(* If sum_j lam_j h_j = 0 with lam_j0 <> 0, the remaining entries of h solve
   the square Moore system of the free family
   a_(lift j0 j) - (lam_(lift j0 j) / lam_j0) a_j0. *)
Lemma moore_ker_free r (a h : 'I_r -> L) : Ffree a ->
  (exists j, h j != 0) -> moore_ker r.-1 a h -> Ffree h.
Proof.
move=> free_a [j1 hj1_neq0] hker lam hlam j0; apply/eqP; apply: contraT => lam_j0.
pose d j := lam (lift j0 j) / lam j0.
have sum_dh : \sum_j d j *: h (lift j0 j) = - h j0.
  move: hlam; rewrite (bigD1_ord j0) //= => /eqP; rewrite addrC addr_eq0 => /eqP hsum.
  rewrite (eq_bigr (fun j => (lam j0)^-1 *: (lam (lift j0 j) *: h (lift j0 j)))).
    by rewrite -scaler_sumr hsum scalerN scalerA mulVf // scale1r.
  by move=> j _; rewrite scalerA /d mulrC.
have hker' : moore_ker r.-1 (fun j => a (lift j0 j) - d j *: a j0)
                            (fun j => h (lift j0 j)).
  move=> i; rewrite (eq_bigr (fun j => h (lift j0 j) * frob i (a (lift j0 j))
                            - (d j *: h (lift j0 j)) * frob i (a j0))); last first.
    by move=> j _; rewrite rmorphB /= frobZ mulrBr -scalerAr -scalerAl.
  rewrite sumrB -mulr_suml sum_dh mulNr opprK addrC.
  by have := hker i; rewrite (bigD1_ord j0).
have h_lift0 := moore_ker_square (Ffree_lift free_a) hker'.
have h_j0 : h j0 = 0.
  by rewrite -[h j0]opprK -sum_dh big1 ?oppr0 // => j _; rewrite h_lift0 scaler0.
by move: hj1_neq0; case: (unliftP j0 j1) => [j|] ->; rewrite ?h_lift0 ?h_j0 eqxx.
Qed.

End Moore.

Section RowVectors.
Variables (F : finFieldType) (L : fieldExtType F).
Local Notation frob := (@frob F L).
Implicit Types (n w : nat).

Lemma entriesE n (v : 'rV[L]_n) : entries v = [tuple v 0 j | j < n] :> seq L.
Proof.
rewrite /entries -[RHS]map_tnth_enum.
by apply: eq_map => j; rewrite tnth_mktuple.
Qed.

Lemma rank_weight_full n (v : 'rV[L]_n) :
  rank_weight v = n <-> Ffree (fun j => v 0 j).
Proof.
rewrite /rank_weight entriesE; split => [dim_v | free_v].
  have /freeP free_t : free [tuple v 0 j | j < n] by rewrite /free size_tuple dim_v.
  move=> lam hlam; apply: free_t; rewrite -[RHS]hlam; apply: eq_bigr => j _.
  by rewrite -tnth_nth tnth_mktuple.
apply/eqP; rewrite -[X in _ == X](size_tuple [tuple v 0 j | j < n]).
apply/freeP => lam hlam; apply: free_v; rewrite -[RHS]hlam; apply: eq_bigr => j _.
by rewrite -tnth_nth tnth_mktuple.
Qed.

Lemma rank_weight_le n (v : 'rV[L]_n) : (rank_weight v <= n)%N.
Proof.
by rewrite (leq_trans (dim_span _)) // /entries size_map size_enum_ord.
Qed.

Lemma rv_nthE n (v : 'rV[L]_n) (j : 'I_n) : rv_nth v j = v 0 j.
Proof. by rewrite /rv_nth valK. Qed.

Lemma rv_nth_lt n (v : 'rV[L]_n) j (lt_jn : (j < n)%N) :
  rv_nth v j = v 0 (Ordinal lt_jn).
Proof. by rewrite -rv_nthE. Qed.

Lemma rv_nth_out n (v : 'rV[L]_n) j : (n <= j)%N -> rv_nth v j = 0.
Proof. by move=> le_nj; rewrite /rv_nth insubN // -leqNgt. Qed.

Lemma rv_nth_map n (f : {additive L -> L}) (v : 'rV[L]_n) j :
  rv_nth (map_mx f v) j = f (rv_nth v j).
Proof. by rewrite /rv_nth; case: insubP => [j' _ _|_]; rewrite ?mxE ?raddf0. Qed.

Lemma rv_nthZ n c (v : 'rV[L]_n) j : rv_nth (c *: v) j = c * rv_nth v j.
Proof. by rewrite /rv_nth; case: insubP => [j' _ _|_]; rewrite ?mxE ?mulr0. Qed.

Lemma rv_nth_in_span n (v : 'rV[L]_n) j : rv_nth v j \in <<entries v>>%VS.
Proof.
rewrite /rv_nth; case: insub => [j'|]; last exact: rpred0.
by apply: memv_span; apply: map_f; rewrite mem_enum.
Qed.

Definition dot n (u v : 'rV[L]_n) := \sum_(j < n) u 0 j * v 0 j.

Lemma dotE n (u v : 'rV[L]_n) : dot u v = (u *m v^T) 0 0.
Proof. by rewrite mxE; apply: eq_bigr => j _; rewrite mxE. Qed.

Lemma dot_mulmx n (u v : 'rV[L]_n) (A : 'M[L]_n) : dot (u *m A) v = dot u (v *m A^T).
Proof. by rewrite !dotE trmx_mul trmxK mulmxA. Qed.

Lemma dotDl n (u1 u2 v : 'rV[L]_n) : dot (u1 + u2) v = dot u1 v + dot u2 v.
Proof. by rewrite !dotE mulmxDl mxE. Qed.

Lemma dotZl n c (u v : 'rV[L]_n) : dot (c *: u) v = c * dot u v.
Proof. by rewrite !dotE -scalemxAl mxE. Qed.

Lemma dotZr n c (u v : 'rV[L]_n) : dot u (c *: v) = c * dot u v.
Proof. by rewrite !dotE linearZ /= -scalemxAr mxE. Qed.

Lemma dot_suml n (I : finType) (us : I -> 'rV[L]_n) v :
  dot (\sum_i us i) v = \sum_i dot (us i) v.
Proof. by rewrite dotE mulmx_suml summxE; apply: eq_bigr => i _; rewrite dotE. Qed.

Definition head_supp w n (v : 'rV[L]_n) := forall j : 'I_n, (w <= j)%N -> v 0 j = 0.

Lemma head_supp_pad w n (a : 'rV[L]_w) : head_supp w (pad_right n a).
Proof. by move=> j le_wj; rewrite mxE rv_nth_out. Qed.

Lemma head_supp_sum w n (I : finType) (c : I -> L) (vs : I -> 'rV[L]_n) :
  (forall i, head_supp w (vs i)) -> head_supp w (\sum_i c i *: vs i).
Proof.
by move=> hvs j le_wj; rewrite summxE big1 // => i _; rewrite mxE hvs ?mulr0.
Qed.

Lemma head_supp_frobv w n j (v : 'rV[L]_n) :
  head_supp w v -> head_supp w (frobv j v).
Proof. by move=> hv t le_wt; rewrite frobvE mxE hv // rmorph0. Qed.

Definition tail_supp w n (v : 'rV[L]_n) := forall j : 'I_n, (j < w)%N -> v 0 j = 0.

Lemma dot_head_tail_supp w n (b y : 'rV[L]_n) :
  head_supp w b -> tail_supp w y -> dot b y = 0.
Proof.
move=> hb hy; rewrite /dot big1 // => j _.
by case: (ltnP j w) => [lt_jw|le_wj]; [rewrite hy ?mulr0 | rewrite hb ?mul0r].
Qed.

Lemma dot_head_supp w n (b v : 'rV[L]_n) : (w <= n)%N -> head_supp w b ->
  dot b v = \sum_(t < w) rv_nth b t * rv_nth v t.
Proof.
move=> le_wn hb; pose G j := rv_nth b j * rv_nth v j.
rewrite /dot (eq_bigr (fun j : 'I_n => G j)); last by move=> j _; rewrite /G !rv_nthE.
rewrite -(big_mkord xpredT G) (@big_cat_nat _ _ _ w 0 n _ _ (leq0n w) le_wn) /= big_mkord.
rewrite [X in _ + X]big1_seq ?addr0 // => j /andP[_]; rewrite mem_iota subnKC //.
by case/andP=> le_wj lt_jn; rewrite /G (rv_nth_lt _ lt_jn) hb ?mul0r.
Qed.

◇ ◇ ◇ ◇ ◇

Required work
All lines in the data above from the one with "Proof. by move=> hv" through the one with "rewrite -(big_mkord xpredT" must be repeated exactly, and no others.

Exercise answer
Proof. by move=> hv t le_wt; rewrite frobvE mxE hv // rmorph0. Qed.

Definition tail_supp w n (v : 'rV[L]_n) := forall j : 'I_n, (j < w)%N -> v 0 j = 0.

Lemma dot_head_tail_supp w n (b y : 'rV[L]_n) :
  head_supp w b -> tail_supp w y -> dot b y = 0.
Proof.
move=> hb hy; rewrite /dot big1 // => j _.
by case: (ltnP j w) => [lt_jw|le_wj]; [rewrite hy ?mulr0 | rewrite hb ?mul0r].
Qed.

Lemma dot_head_supp w n (b v : 'rV[L]_n) : (w <= n)%N -> head_supp w b ->
  dot b v = \sum_(t < w) rv_nth b t * rv_nth v t.
Proof.
move=> le_wn hb; pose G j := rv_nth b j * rv_nth v j.
rewrite /dot (eq_bigr (fun j : 'I_n => G j)); last by move=> j _; rewrite /G !rv_nthE.
rewrite -(big_mkord xpredT G) (@big_cat_nat _ _ _ w 0 n _ _ (leq0n w) le_wn) /= big_mkord.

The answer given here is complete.